Exercise directions:
Count the lines in the listing below that contain the word "andbF" and report that number alone.

Given records:
(* Let $R$ be an arbitrary associative ring with $1$, let $A,B\unlhd R$ be two-sided ideals, and let $n\ge 3$. Let $H\le \operatorname{GL}(n,R)$ be any subgroup such that $E(n,A)\le H\le \operatorname{GL}(n,R,A)$. Then $$ C_{\operatorname{GL}(n,R)}\big(H,\operatorname{GL}(n,R,B)\big)=C_{\Omega(A,B)}\big(n,R,(B:A)\big). $$
   Context: Commutators are left-normed: $[x,y]=xyx^{-1}y^{-1}$. For subgroups $F,H$ of a group $G$, the centraliser of $F$ modulo $H$ is $C_G(F,H)=\{g\in G\mid [f,g]\in H \text{ for all } f\in F\}$. For $\xi\in R$ and $1\le i\ne j\le n$, $t_{ij}(\xi)=e+\xi e_{ij}$ is the elementary transvection ($e$ the identity matrix, $e_{ij}$ the standard matrix unit). For an ideal $I\unlhd R$, $E(n,I)$ is the subgroup of $\operatorname{GL}(n,R)$ generated by all $t_{ij}(\xi)$ with $\xi\in I$, $1\le i\neq j\le n$, and $\operatorname{GL}(n,R,I)=\{g\in\operatorname{GL}(n,R)\mid g_{ij}\equiv\delta_{ij}\pmod I\}$ is the principal congruence subgroup (kernel of reduction modulo $I$). For two-sided ideals $A,B$, the ideal quotient is $(B:A)=\{x\in R\mid xA\subseteq B \text{ and } Ax\subseteq B\}$, a two-sided ideal. The relative centraliser of $A$ modulo $B$ is $\operatorname{Cent}_R(A,B)=\{x\in R\mid xa-ax\in B \text{ for all } a\in A\}$. Finally $$C_{\Omega(A,B)}(n,R,(B:A))=\{g\in\operatorname{GL}(n,R)\mid g_{ij}\in(B:A)\text{ and } g_{ii}-g_{jj}\in(B:A) \text{ for all } i\ne j,\ \text{and } g_{ii}\in\operatorname{Cent}_R(A,B)\text{ for all } i\}.$$ *)

From HB Require Import structures.
From mathcomp Require Import all_boot all_order all_algebra.
Set Implicit Arguments. Unset Strict Implicit. Unset Printing Implicit Defensive.
Import GRing.Theory.
Local Open Scope ring_scope.

Section Defs.
Variable R : pzRingType.

Definition is_ideal (I : R -> Prop) : Prop :=
  [/\ I 0,
      (forall x y, I x -> I y -> I (x + y)),
      (forall x, I x -> I (- x)),
      (forall r x, I x -> I (r * x))
    & (forall r x, I x -> I (x * r))].

Definition ideal_quot (B A : R -> Prop) : R -> Prop :=
  fun x => forall a, A a -> B (x * a) /\ B (a * x).

Definition cent_rel (A B : R -> Prop) : R -> Prop :=
  fun x => forall a, A a -> B (x * a - a * x).

Variable n : nat.

Definition is_inv (g h : 'M[R]_n) : Prop := g *m h = 1%:M /\ h *m g = 1%:M.

Definition GL (g : 'M[R]_n) : Prop := exists h, is_inv g h.

Definition GLcong (I : (R -> Prop)) (g : 'M[R]_n) : Prop :=
  GL g /\ forall i j, I (g i j - (i == j)%:R).

Definition transv (i j : 'I_n) (xi : R) : 'M[R]_n := 1%:M + xi *: delta_mx i j.

Inductive Egrp (I : (R -> Prop)) : 'M[R]_n -> Prop :=
| E_one : Egrp I 1%:M
| E_gen : forall i j xi, i != j -> I xi -> Egrp I (transv i j xi)
| E_mul : forall g h, Egrp I g -> Egrp I h -> Egrp I (g *m h)
| E_inv : forall g h, Egrp I g -> is_inv g h -> Egrp I h.

Definition is_subgroup (H : 'M[R]_n -> Prop) : Prop :=
  [/\ H 1%:M,
      (forall g h, H g -> H h -> H (g *m h))
    & (forall g, H g -> exists h, is_inv g h /\ H h)].

(* commutator [x,y] = x y x^-1 y^-1 lies in K (inverses are unique) *)
Definition comm_in (K : 'M[R]_n -> Prop) (x y : 'M[R]_n) : Prop :=
  forall xi yi, is_inv x xi -> is_inv y yi -> K (x *m y *m xi *m yi).

Definition centr_mod (F K : 'M[R]_n -> Prop) (g : 'M[R]_n) : Prop :=
  GL g /\ forall f, F f -> comm_in K f g.

Definition C_Omega (A B : (R -> Prop)) (g : 'M[R]_n) : Prop :=
  [/\ GL g,
      (forall i j, i != j -> ideal_quot B A (g i j) /\ ideal_quot B A (g i i - g j j))
    & (forall i, cent_rel A B (g i i))].

End Defs.

From HB Require Import structures.
From mathcomp Require Import all_boot all_order all_algebra.
Set Implicit Arguments. Unset Strict Implicit. Unset Printing Implicit Defensive.
Import GRing.Theory.
Local Open Scope ring_scope.

(* The whole argument is about the ADDITIVE commutator f g - g f.  For invertible
   f, g the multiplicative commutator satisfies
       [f,g] - e = (f g - g f) f^-1 g^-1   and   f g - g f = ([f,g] - e) g f,
   so [f,g] is congruent to e modulo B iff all entries of f g - g f lie in B
   (lemma [commutator_cong_iff]).
   - Inclusion "C_Omega <= centraliser": for f in H the matrix a = f - e has
     entries in A and f g - g f = a g - g a; the (i,j) entry of a g - g a splits
     into a diagonal part, controlled by Cent_R(A,B) and (B:A) applied to
     g_ii - g_jj, and off-diagonal parts, controlled by g_kl in (B:A).
   - Inclusion "centraliser <= C_Omega": test g against the transvections
     t_ij(x), x in A, which lie in E(n,A) <= H.  The (k,l) entry of
     t g - g t is d_ki x g_jl - g_ki x d_lj; choosing k, l (and, since n >= 3,
     a third index) extracts every defining condition of C_Omega. *)

Section IdealFacts.
Variable R : pzRingType.
Variable I : R -> Prop.
Hypothesis hI : is_ideal I.

Lemma ideal_add x y : I x -> I y -> I (x + y).
Proof. by case: hI => _ hD _ _ _; apply: hD. Qed.

Lemma ideal_opp x : I x -> I (- x).
Proof. by case: hI => _ _ hN _ _; apply: hN. Qed.

Lemma ideal_sub x y : I x -> I y -> I (x - y).
Proof. by move=> hx hy; apply: ideal_add hx (ideal_opp hy). Qed.

Lemma ideal_oppE x : I (- x) -> I x.
Proof. by move=> hx; rewrite -(opprK x); apply: ideal_opp. Qed.

Lemma ideal_mulr r x : I x -> I (x * r).
Proof. by case: hI => _ _ _ _ hr; apply: hr. Qed.

Lemma ideal_sum (T : finType) (P : pred T) (F : T -> R) :
  (forall k, P k -> I (F k)) -> I (\sum_(k | P k) F k).
Proof. by case: hI => h0 hD _ _ _; apply: big_ind. Qed.

End IdealFacts.

Section MatrixFacts.
Variable R : pzRingType.
Variable n : nat.
Implicit Types (I : R -> Prop) (f g a : 'M[R]_n) (i j k l : 'I_n).

Definition entries_in I (M : 'M[R]_n) : Prop := forall i j, I (M i j).

Lemma entries_in_mulr I (hI : is_ideal I) (M N : 'M[R]_n) :
  entries_in I M -> entries_in I (M *m N).
Proof.
move=> hM i j; rewrite mxE; apply: ideal_sum => // k _.
exact: ideal_mulr.
Qed.

Lemma GLcongE I g : GLcong I g <-> GL g /\ entries_in I (g - 1%:M).
Proof. by split=> -[hg he]; split=> // i j; move: (he i j); rewrite !mxE. Qed.

Lemma is_inv_mul f fi g gi :
  is_inv f fi -> is_inv g gi -> is_inv (f *m g) (gi *m fi).
Proof.
move=> [h1 h2] [h3 h4]; split.
  by rewrite mulmxA -(mulmxA f) h3 mulmx1 h1.
by rewrite mulmxA -(mulmxA gi) h2 mulmx1 h4.
Qed.

Lemma is_inv_sym f g : is_inv f g -> is_inv g f.
Proof. by case. Qed.

(* [f,g] = e (mod I) iff f g = g f (mod I): the two differences are related by
   multiplication with invertible matrices. *)
Lemma commutator_cong_iff I (hI : is_ideal I) f fi g gi :
  is_inv f fi -> is_inv g gi ->
  GLcong I (f *m g *m fi *m gi) <-> entries_in I (f *m g - g *m f).
Proof.
move=> hf hg.
have mult_to_add : f *m g - g *m f = (f *m g *m fi *m gi - 1%:M) *m (g *m f).
  by rewrite mulmxBl mul1mx !mulmxA -(mulmxA _ gi g) hg.2 mulmx1
             -(mulmxA _ fi f) hf.2 mulmx1.
have add_to_mult : f *m g *m fi *m gi - 1%:M = (f *m g - g *m f) *m (fi *m gi).
  by rewrite mulmxBl !mulmxA -(mulmxA g f fi) hf.1 mulmx1 hg.1.
split=> [/GLcongE[_ he] | he].
  by rewrite mult_to_add; apply: entries_in_mulr.
apply/GLcongE; split; last by rewrite add_to_mult; apply: entries_in_mulr.
exists (g *m (f *m (gi *m fi))).
apply: is_inv_mul; last exact: is_inv_sym hg.
by apply: is_inv_mul; [apply: is_inv_mul | apply: is_inv_sym hf].
Qed.

Lemma additive_commutator_entry a g i j : (a *m g - g *m a) i j =
  (a i j * g j j - g i i * a i j) +
  (\sum_(k | k != j) a i k * g k j - \sum_(k | k != i) g i k * a k j).
Proof.
rewrite !mxE (bigD1 j) //= [X in _ - X](bigD1 i) //=.
by rewrite opprD addrACA.
Qed.

Lemma delta_mulmxE i j (x : R) g k l :
  ((x *: delta_mx i j) *m g) k l = (k == i)%:R * (x * g j l).
Proof.
rewrite mxE (bigD1 j) //= big1 ?addr0 => [|m /negbTE hm];
  rewrite !mxE ?hm ?eqxx ?andbT ?andbF ?mulr0 ?mul0r //.
by case: (k == i); rewrite ?mulr1 ?mul1r ?mulr0 ?mul0r.
Qed.

Lemma mulmx_deltaE i j (x : R) g k l :
  (g *m (x *: delta_mx i j)) k l = g k i * x * (l == j)%:R.
Proof.
rewrite mxE (bigD1 i) //= big1 ?addr0 => [|m /negbTE hm];
  rewrite !mxE ?hm ?eqxx ?andbF ?mulr0 ?mul0r //=.
by case: (l == j); rewrite ?mulr1 ?mul1r ?mulr0 ?mul0r.
Qed.

(* t_ij(x) t_ij(-x) = e for i != j, since e_ij e_ij = 0. *)
Lemma transv_inv i j (x : R) : i != j -> is_inv (transv i j x) (transv i j (- x)).
Proof.
move=> hij.
have sq0 y z : (y *: delta_mx i j) *m (z *: delta_mx i j) = 0 :> 'M[R]_n.
  apply/matrixP => p q; rewrite delta_mulmxE !mxE [j == i]eq_sym (negbTE hij).
  by rewrite !mulr0.
rewrite /transv; split; rewrite mulmxDr !mulmxDl !mul1mx mulmx1 sq0 addr0
  -addrA -scalerDl ?addNr ?addrN scale0r addr0 //.
Qed.

Lemma transv_commutator_entry i j (x : R) g k l :
  (transv i j x *m g - g *m transv i j x) k l =
  (k == i)%:R * (x * g j l) - g k i * x * (l == j)%:R.
Proof.
rewrite /transv mulmxDl mulmxDr mul1mx mulmx1 opprD addrACA subrr add0r.
by rewrite !mxE -delta_mulmxE -mulmx_deltaE !mxE.
Qed.

Lemma third_index (p q : 'I_n) : (3 <= n)%N -> exists r : 'I_n, r != p /\ r != q.
Proof.
move=> hn.
have /subsetPn [r _] : ~~ ([set: 'I_n] \subset [set p; q]).
  apply/negP => /subset_leq_card; rewrite cardsT card_ord cards2.
  by case: (p != q) => /= hle; move: (leq_trans hn hle).
by rewrite !inE negb_or => /andP[hp hq]; exists r.
Qed.

End MatrixFacts.

Section Levels.
Variable R : pzRingType.
Variables (A B : R -> Prop).
Hypothesis hB : is_ideal B.
Variable n : nat.
Implicit Types (g a : 'M[R]_n) (i j k l : 'I_n).

(* The conditions of C_Omega force f g = g f (mod B) for every f = e + a with a
   in M_n(A): each term of (a g - g a)_ij is killed by (B:A) or Cent_R(A,B). *)
Lemma omega_commutes_mod a g :
  (forall i j, i != j -> ideal_quot B A (g i j) /\ ideal_quot B A (g i i - g j j)) ->
  (forall i, cent_rel A B (g i i)) ->
  entries_in A a -> entries_in B (a *m g - g *m a).
Proof.
move=> hoff hcent ha i j; rewrite additive_commutator_entry.
apply: ideal_add => //; last first.
  apply: ideal_sub => //; apply: ideal_sum => // k hk.
    exact: ((hoff k j hk).1 _ (ha i k)).2.
  by rewrite eq_sym in hk; exact: ((hoff i k hk).1 _ (ha k j)).1.
have [<-|hij] := eqVneq i j.
  by apply: ideal_oppE => //; rewrite opprB; apply: hcent.
have -> : a i j * g j j - g i i * a i j =
    - (g j j * a i j - a i j * g j j) + (g j j - g i i) * a i j.
  by rewrite mulrBl opprB addrA subrK.
apply: ideal_add => //; first by apply: ideal_opp => //; apply: hcent.
by rewrite eq_sym in hij; exact: ((hoff j i hij).2 _ (ha i j)).1.
Qed.

Section TransvectionTest.
Hypothesis hn : (3 <= n)%N.
Variable g : 'M[R]_n.
Hypothesis hcomm : forall i j x, i != j -> A x ->
  entries_in B (transv i j x *m g - g *m transv i j x).

Lemma transv_test i j x k l : i != j -> A x ->
  B ((k == i)%:R * (x * g j l) - g k i * x * (l == j)%:R).
Proof. by move=> hij hx; rewrite -transv_commutator_entry; apply: hcomm. Qed.

(* x g_jl in B for j != l: entry (i,l) of [t_ij(x), g] with i != j. *)
Lemma offdiag_quot_left j l x : j != l -> A x -> B (x * g j l).
Proof.
move=> hjl hx; have [i [hij _]] := third_index j j hn.
by have := transv_test i l hij hx; rewrite eqxx eq_sym (negbTE hjl) mul1r mulr0 subr0.
Qed.

(* g_ki x in B for k != i: entry (k,j) of [t_ij(x), g] with j != i. *)
Lemma offdiag_quot_right k i x : k != i -> A x -> B (g k i * x).
Proof.
move=> hki hx; have [j [hji _]] := third_index i i hn.
rewrite eq_sym in hji.
have := transv_test k j hji hx; rewrite eqxx (negbTE hki) mul0r mulr1 sub0r.
exact: ideal_oppE.
Qed.

(* x g_jj - g_ii x in B for i != j: entry (i,j) of [t_ij(x), g]. *)
Lemma twisted_diag_diff i j x : i != j -> A x -> B (x * g j j - g i i * x).
Proof. by move=> hij hx; have := transv_test i j hij hx; rewrite !eqxx mul1r mulr1. Qed.

(* g_ii - g_jj lies in (B:A), using a third index r and two twisted differences. *)
Lemma diag_diff_quot i j : i != j -> ideal_quot B A (g i i - g j j).
Proof.
move=> hij x hx; have [r [hri hrj]] := third_index i j hn; split.
  have -> : (g i i - g j j) * x =
      (x * g r r - g j j * x) - (x * g r r - g i i * x).
    by rewrite mulrBl [in RHS]opprB [in RHS]addrC [in RHS]addrA subrK.
  by apply: ideal_sub => //; apply: twisted_diag_diff; rewrite // eq_sym.
have -> : x * (g i i - g j j) =
    (x * g i i - g r r * x) - (x * g j j - g r r * x).
  by rewrite mulrBr opprB addrA subrK.
by apply: ideal_sub => //; apply: twisted_diag_diff.
Qed.

(* g_ii lies in Cent_R(A,B): x g_ii - g_ii x = x (g_ii - g_jj) + (x g_jj - g_ii x). *)
Lemma diag_cent i : cent_rel A B (g i i).
Proof.
move=> x hx; have [j [hji _]] := third_index i i hn.
have -> : g i i * x - x * g i i =
    - (x * (g i i - g j j) + (x * g j j - g i i * x)).
  by rewrite mulrBr addrA subrK opprB.
apply: ideal_opp => //; apply: ideal_add => //.
  by apply: (diag_diff_quot _ hx).2; rewrite eq_sym.
by apply: twisted_diag_diff; rewrite // eq_sym.
Qed.

End TransvectionTest.
End Levels.

Theorem theorem1 (R : pzRingType) (A B : R -> Prop) (n : nat)
  (hA : is_ideal A) (hB : is_ideal B) (hn : (3 <= n)%N)
  (H : 'M[R]_n -> Prop) (hH : is_subgroup H)
  (hEH : forall g, Egrp A g -> H g) (hHA : forall g, H g -> GLcong A g) :
  forall g : 'M[R]_n, centr_mod H (GLcong B) g <-> C_Omega A B g.
Proof.
move=> g; split=> [[hGL hc] | [hGL hoff hcent]].
- have [gi hg] := hGL.
  have hcomm i j x : i != j -> A x ->
      entries_in B (transv i j x *m g - g *m transv i j x).
    move=> hij hx; have ht := transv_inv x hij.
    apply/(commutator_cong_iff hB ht hg); apply: hc ht hg.
    by apply: hEH; apply: E_gen.
  split=> // [i j hij | i]; last exact: diag_cent hcomm i.
  split; last exact: diag_diff_quot hcomm _ _ hij.
  by move=> x hx; split; [apply: offdiag_quot_right hcomm _ _ _ hij hx
                         | apply: offdiag_quot_left hcomm _ _ _ hij hx].
- split=> // f Hf fi gi hf hg; apply/(commutator_cong_iff hB hf hg).
  have /GLcongE[_ hfA] := hHA f Hf.
  have -> : f *m g - g *m f = (f - 1%:M) *m g - g *m (f - 1%:M).
    by rewrite mulmxBl mulmxBr mul1mx mulmx1 opprB addrA subrK.
  exact: omega_commutes_mod hoff hcent hfA.
Qed.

Written answer:
2